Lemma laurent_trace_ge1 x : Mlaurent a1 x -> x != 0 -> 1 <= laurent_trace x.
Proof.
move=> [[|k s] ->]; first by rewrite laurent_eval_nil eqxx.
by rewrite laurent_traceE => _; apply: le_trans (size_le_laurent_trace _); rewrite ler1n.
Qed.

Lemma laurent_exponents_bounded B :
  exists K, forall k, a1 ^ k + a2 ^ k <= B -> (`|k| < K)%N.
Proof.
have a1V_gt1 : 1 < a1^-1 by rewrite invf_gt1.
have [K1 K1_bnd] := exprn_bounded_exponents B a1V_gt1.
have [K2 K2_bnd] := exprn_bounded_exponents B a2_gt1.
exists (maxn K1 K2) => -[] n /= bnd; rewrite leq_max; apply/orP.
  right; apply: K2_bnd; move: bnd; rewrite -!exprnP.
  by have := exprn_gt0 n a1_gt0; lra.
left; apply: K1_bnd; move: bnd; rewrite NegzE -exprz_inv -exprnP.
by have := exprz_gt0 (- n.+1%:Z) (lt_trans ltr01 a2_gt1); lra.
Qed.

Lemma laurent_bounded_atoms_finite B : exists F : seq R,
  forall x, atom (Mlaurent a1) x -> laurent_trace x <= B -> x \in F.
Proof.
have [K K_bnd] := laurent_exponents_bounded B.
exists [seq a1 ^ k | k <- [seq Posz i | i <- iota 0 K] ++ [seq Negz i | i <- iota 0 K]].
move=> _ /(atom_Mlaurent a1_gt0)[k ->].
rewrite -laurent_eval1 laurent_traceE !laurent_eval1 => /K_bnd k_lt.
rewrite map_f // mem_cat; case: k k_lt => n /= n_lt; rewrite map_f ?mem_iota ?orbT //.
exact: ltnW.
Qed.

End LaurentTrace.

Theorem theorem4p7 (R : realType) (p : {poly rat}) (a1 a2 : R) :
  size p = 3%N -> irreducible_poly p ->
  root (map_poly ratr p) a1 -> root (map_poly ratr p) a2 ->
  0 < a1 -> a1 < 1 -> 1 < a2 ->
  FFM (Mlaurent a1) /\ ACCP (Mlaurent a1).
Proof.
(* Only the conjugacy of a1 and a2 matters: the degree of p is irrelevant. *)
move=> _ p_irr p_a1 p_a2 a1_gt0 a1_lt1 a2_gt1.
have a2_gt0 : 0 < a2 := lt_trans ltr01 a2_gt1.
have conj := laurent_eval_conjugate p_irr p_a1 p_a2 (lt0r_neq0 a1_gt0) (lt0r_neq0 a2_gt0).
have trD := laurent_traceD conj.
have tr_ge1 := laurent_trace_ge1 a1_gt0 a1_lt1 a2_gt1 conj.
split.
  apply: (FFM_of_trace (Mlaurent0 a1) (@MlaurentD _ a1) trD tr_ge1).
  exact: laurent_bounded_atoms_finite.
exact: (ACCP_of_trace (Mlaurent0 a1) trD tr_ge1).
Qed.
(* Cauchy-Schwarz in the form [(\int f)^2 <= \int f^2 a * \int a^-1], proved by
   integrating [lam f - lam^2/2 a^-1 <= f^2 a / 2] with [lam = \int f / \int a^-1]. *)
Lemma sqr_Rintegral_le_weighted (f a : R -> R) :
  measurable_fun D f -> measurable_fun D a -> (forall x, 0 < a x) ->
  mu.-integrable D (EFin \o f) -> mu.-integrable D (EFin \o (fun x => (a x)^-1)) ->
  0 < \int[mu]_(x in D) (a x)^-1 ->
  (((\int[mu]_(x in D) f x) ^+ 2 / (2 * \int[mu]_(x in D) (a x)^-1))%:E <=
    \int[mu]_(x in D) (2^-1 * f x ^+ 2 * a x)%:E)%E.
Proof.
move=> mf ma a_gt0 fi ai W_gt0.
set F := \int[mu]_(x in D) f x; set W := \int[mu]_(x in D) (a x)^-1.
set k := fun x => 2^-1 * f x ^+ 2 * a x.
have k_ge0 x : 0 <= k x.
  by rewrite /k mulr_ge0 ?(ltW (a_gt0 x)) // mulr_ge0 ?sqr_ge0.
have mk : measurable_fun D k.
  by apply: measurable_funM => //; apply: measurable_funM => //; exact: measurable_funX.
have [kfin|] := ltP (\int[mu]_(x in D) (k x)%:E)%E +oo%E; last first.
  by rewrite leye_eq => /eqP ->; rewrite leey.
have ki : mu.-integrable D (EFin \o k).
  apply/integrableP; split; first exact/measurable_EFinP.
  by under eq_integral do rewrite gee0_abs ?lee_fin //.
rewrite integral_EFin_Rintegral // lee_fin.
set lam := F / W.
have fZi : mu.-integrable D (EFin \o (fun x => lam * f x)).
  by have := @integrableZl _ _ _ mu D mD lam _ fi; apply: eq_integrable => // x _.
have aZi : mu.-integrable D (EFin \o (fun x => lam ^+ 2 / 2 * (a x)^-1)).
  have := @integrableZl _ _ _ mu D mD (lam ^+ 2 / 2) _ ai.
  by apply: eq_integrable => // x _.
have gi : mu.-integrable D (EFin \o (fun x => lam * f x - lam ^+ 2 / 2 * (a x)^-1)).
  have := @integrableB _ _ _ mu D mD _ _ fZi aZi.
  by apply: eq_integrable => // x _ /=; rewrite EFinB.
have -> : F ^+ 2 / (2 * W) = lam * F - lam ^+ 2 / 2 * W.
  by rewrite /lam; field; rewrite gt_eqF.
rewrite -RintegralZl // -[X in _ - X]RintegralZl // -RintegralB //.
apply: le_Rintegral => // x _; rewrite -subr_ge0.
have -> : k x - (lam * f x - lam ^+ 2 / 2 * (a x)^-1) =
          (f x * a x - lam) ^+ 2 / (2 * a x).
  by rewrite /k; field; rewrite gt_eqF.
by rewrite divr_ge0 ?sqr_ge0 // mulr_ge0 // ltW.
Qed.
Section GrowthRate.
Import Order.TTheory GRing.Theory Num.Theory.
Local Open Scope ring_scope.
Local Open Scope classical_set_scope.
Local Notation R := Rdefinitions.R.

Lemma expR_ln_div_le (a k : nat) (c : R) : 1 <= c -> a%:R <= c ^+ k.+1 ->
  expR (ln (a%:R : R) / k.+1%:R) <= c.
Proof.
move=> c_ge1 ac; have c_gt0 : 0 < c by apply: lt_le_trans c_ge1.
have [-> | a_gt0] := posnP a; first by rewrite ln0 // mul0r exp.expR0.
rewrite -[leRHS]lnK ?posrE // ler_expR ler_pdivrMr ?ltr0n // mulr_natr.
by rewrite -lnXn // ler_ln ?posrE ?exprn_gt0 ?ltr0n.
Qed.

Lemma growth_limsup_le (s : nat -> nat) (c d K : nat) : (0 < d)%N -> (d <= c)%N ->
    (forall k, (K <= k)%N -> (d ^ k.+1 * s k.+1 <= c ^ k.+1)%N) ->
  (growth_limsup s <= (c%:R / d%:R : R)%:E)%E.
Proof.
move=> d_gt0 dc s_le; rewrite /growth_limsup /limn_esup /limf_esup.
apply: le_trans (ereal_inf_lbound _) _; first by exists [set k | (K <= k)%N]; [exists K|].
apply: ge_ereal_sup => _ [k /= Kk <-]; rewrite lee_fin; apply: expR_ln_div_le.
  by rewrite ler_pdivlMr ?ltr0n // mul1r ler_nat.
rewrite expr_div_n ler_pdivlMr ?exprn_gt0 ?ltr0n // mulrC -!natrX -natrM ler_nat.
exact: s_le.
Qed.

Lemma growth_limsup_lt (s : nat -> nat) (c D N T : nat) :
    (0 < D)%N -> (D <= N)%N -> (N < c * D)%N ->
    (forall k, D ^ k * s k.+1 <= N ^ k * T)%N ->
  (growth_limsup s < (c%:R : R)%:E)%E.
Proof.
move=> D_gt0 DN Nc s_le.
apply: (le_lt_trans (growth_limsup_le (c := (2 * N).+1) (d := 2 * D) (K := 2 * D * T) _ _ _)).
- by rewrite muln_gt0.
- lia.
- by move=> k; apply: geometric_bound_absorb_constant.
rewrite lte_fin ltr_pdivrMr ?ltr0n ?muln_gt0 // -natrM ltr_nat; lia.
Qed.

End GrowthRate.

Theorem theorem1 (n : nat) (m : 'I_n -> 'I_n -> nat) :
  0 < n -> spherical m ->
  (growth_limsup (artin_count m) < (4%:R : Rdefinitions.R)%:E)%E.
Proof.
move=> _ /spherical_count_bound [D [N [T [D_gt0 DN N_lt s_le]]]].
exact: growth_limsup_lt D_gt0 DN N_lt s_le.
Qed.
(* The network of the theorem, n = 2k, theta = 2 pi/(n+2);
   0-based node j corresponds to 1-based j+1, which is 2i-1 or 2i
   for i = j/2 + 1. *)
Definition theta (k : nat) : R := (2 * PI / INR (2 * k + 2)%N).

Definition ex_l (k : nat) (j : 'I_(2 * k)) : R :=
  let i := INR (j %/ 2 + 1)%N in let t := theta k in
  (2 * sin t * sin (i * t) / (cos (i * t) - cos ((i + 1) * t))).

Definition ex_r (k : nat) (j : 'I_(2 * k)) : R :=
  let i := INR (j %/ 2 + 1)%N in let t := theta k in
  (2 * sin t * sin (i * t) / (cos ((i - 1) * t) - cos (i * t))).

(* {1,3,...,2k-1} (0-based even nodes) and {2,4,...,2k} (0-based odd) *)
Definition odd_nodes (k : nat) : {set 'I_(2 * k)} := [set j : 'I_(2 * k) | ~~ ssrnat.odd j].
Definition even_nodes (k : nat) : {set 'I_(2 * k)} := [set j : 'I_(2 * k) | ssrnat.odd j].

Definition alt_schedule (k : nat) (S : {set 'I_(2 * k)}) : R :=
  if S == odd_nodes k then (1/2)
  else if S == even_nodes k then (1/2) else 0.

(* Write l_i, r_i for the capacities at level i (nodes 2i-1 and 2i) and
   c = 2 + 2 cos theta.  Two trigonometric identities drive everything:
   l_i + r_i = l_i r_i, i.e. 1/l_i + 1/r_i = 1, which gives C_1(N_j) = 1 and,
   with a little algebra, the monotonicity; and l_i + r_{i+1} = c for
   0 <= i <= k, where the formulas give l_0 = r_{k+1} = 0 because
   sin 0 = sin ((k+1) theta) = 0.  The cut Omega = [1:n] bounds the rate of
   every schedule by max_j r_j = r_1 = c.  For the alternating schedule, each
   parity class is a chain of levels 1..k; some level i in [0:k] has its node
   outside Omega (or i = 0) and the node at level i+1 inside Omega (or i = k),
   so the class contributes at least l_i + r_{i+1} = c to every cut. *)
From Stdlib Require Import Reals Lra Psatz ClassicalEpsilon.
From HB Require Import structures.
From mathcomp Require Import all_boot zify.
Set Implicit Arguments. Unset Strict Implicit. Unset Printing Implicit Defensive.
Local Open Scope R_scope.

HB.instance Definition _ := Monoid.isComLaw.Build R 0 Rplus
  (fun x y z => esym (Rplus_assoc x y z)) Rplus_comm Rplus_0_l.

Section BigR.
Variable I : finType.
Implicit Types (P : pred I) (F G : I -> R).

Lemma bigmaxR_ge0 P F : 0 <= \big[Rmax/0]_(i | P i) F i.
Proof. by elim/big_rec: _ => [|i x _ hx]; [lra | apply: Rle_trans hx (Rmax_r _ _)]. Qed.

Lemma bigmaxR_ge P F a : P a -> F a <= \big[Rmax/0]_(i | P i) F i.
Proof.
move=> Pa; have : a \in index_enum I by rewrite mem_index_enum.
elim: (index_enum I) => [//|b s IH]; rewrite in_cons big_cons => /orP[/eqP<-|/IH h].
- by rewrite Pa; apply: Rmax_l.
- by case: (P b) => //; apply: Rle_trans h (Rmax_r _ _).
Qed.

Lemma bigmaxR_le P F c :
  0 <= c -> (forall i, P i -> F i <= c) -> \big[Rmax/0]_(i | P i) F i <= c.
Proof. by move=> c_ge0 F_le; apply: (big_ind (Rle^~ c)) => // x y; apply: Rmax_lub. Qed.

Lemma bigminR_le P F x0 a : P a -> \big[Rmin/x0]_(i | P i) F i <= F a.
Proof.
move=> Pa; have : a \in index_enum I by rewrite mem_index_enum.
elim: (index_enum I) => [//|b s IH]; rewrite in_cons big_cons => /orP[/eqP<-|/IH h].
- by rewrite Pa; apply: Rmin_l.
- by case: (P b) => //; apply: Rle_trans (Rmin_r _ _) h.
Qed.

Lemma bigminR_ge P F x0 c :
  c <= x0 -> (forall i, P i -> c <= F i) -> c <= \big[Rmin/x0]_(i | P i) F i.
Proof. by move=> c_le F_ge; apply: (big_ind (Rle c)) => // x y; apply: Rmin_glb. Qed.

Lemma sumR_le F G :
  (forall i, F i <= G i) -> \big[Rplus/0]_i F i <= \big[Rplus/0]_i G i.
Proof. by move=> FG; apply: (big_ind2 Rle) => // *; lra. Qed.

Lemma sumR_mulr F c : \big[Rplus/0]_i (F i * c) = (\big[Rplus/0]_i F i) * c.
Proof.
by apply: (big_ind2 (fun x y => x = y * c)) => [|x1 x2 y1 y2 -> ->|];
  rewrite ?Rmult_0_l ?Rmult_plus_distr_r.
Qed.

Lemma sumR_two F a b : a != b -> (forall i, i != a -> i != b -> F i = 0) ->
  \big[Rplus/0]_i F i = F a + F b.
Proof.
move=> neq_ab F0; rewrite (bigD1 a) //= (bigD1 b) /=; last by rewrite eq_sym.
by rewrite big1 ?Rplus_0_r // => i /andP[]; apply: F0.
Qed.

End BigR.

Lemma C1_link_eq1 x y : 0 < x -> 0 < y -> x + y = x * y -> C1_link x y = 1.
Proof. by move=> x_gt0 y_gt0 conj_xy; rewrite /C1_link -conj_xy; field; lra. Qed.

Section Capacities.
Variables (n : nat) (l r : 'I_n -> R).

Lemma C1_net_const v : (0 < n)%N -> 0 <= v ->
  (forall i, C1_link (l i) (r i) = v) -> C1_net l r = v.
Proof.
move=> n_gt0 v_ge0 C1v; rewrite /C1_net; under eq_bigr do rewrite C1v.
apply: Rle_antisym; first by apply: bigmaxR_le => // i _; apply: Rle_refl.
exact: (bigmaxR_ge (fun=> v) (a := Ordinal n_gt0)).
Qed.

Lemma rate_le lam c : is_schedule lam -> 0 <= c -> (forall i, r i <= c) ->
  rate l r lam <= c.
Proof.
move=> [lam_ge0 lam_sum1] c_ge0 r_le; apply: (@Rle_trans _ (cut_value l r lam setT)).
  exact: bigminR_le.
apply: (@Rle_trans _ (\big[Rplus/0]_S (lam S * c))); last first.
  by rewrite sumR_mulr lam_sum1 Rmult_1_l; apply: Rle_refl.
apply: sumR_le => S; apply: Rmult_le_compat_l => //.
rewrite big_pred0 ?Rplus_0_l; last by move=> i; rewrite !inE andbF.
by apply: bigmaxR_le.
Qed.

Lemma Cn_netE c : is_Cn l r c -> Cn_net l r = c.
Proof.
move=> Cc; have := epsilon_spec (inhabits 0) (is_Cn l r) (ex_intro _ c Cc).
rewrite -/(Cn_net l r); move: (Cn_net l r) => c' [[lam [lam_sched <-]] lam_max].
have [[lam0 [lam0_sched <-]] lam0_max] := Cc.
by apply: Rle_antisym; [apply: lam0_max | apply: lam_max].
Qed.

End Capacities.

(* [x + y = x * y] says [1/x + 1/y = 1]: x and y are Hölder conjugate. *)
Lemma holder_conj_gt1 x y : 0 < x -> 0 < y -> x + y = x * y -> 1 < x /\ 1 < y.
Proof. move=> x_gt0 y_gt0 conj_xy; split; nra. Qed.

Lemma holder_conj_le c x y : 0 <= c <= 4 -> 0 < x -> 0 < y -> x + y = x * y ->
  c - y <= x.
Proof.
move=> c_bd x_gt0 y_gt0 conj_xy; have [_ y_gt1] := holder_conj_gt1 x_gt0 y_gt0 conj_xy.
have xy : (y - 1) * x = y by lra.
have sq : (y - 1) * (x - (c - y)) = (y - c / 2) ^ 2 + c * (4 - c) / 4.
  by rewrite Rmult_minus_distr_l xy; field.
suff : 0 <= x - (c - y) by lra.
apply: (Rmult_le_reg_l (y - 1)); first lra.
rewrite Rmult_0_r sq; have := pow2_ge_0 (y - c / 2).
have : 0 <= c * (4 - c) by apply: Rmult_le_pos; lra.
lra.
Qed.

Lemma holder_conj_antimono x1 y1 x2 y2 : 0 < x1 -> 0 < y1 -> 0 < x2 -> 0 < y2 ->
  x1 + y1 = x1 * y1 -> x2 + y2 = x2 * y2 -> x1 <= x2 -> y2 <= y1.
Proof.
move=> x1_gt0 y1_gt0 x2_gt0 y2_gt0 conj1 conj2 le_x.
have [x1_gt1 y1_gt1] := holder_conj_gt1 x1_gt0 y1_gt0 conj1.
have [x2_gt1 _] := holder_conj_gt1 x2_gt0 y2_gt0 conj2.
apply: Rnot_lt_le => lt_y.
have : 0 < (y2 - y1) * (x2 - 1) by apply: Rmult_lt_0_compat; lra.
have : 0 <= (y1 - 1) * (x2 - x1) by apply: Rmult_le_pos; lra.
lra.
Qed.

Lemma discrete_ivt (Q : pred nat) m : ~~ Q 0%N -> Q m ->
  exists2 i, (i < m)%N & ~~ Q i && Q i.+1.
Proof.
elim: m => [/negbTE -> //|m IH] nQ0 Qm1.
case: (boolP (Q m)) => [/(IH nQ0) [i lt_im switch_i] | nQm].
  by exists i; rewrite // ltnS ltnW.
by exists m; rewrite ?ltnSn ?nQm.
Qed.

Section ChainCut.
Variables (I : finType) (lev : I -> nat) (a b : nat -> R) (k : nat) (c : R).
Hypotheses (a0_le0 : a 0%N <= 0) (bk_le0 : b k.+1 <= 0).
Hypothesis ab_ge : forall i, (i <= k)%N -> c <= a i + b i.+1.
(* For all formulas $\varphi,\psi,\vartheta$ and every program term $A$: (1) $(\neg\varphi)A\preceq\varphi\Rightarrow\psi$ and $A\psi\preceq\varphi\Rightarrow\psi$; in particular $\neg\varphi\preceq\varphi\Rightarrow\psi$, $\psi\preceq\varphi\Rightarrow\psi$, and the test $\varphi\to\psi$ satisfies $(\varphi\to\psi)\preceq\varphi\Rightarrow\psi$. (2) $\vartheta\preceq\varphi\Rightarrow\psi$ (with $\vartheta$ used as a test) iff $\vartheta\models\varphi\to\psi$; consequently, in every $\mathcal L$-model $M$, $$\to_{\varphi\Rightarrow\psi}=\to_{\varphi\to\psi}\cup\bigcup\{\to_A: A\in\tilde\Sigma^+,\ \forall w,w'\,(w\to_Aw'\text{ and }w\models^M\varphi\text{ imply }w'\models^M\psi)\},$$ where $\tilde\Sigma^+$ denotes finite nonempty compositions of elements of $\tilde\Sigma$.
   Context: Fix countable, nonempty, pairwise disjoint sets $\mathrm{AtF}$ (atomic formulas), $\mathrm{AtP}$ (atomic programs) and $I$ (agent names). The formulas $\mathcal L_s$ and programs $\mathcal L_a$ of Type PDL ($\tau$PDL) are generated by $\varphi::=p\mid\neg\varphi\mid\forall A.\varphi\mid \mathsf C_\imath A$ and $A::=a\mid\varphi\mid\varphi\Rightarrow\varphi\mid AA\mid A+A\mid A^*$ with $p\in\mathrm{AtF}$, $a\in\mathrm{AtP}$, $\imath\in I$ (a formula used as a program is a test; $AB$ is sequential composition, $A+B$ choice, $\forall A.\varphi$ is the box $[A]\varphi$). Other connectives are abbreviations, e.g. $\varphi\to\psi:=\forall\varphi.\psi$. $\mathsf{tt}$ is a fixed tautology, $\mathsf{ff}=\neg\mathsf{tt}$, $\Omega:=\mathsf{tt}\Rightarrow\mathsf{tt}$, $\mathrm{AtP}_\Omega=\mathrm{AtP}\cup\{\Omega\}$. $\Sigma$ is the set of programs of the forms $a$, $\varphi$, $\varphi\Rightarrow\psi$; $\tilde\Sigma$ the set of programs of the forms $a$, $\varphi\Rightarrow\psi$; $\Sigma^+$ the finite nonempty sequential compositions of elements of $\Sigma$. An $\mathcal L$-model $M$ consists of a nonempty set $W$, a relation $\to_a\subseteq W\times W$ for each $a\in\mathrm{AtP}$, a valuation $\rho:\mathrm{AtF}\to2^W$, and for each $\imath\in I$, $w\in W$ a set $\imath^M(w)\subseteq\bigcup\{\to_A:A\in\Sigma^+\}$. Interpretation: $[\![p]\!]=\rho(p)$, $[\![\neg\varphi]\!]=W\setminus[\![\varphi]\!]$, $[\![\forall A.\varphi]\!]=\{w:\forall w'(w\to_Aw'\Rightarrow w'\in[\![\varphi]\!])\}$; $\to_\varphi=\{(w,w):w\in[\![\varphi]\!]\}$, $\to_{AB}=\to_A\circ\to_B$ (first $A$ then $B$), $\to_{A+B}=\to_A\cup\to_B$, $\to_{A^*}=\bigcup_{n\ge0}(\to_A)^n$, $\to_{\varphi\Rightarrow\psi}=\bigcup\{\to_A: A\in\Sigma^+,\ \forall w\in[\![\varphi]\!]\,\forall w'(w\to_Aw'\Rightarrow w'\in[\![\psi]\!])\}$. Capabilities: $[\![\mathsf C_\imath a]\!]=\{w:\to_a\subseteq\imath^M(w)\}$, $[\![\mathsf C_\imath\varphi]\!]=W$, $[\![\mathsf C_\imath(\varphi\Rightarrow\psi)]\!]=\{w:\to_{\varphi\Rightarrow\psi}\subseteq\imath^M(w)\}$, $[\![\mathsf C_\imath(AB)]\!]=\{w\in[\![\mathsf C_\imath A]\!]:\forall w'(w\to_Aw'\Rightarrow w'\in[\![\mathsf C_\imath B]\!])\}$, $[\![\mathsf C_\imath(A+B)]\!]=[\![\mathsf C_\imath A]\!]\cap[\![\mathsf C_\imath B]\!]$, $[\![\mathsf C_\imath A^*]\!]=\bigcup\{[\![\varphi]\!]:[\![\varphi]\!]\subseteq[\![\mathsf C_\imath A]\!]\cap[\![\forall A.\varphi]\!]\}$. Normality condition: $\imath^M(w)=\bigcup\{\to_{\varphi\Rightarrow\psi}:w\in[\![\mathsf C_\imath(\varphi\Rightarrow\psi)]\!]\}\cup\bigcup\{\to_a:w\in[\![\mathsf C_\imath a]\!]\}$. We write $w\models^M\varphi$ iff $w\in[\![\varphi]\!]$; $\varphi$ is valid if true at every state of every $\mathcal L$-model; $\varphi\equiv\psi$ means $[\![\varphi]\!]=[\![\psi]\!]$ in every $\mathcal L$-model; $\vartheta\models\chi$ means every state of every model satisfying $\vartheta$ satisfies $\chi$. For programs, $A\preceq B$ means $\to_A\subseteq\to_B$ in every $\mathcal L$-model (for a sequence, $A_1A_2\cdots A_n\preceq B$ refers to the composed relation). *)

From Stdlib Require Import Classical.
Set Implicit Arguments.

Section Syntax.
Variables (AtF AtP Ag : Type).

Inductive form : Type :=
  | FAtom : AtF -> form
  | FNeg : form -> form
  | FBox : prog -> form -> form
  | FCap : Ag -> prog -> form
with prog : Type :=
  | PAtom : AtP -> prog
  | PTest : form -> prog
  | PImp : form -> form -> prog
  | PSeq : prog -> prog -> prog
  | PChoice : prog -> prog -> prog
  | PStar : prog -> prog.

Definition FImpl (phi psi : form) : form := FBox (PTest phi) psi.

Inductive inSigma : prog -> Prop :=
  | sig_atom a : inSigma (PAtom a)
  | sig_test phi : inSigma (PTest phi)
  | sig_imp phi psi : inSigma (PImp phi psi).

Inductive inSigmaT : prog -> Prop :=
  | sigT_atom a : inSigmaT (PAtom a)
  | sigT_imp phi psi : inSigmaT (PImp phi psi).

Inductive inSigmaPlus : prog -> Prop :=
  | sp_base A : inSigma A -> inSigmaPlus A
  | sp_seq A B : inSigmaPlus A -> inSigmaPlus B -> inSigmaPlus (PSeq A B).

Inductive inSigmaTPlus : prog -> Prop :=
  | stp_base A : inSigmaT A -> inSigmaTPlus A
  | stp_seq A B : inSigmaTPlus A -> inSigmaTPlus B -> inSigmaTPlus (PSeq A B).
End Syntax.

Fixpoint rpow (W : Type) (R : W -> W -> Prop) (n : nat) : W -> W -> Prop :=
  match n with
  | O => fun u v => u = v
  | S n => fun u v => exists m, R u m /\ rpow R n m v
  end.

+++

If a line in the material above holds the word "exprnP", count it, then give the total as a bare number.

TASK RESPONSE >> 2